Exercise description — In the records below, find each line containing the word "horner" and copy it.

[Stored data entries]
BEGIN

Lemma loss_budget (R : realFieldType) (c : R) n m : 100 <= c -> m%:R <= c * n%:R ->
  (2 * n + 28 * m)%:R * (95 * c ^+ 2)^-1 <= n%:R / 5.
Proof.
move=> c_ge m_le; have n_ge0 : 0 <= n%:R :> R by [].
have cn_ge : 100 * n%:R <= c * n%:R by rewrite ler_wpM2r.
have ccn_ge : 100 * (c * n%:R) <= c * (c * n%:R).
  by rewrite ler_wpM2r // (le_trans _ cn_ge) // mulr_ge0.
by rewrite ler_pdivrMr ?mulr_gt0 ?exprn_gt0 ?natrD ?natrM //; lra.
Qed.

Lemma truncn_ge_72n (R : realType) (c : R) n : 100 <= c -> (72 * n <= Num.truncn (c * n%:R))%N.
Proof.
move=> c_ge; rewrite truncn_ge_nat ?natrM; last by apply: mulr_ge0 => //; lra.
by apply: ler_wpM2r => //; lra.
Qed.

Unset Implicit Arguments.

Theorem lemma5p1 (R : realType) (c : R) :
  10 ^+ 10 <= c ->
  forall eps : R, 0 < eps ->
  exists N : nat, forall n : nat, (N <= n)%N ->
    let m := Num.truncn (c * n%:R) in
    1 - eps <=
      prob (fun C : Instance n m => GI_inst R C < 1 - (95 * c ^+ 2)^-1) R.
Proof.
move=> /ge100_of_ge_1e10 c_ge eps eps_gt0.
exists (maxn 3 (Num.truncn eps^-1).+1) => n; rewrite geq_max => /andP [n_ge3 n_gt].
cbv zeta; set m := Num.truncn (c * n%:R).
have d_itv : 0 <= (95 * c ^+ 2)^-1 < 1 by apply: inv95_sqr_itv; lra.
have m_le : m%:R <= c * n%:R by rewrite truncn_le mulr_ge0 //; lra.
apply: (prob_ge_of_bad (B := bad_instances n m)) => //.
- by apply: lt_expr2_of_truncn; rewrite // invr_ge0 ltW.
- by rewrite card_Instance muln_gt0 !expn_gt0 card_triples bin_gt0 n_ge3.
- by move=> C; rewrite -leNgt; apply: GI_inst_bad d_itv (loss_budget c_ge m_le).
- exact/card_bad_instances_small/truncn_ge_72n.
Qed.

END
BEGIN

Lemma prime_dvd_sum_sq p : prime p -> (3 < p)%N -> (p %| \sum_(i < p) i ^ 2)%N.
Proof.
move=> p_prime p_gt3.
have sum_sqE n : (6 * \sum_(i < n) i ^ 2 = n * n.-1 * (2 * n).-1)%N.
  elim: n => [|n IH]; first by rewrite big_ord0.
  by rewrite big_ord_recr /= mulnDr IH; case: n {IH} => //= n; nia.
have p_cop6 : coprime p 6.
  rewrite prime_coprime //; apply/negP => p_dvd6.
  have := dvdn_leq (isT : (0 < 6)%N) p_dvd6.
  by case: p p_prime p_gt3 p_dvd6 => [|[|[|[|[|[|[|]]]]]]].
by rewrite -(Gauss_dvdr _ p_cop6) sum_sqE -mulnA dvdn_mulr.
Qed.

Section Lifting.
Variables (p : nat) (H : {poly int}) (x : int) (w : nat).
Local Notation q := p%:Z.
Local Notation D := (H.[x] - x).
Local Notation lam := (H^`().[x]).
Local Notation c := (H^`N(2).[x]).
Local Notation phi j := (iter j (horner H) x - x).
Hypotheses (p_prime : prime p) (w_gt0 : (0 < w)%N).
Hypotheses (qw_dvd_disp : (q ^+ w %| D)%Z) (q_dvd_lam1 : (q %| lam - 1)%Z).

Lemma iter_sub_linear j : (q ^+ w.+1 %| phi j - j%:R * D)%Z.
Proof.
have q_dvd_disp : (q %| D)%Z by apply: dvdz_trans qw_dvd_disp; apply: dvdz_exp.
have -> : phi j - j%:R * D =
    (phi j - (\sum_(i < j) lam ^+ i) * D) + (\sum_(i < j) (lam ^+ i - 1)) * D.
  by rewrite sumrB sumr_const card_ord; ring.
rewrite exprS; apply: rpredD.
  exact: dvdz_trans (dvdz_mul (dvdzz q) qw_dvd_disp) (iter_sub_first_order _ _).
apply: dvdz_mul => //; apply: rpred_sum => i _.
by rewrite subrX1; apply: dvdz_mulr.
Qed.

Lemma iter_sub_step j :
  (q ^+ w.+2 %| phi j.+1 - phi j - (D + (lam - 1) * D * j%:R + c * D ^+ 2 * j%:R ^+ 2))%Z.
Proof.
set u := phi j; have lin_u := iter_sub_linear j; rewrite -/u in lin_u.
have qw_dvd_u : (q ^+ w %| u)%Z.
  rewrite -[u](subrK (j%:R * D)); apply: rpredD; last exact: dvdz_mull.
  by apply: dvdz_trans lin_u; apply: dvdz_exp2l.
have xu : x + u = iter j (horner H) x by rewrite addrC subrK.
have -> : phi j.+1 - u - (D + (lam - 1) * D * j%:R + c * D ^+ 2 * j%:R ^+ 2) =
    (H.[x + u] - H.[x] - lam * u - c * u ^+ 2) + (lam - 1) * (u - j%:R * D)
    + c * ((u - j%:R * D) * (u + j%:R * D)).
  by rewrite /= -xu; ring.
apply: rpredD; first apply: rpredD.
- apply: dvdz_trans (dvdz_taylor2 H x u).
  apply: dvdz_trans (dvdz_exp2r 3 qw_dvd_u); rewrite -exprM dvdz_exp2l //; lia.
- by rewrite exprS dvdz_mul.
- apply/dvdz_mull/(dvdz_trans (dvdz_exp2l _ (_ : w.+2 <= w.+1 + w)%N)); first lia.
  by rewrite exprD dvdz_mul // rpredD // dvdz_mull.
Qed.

END
BEGIN

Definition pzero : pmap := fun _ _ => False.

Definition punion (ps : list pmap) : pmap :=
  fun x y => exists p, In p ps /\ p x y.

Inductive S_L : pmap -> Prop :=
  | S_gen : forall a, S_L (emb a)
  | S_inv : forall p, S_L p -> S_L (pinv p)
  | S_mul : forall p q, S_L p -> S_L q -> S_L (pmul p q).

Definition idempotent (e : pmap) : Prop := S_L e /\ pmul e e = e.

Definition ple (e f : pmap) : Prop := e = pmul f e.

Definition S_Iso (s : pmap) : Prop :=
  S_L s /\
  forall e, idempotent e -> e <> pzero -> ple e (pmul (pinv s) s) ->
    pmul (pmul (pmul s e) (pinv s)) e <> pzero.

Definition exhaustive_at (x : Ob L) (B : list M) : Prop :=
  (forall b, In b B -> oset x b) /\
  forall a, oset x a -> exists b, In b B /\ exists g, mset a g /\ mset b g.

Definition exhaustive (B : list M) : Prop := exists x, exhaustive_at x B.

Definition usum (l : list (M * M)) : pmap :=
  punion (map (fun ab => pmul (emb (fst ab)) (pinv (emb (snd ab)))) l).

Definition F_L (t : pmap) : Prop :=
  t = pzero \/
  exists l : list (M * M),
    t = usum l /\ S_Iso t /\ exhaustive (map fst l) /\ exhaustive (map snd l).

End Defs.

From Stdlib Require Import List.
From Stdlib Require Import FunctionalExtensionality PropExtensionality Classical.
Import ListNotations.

END

Solution for this problem —
Local Notation phi j := (iter j (horner H) x - x).
have xu : x + u = iter j (horner H) x by rewrite addrC subrK.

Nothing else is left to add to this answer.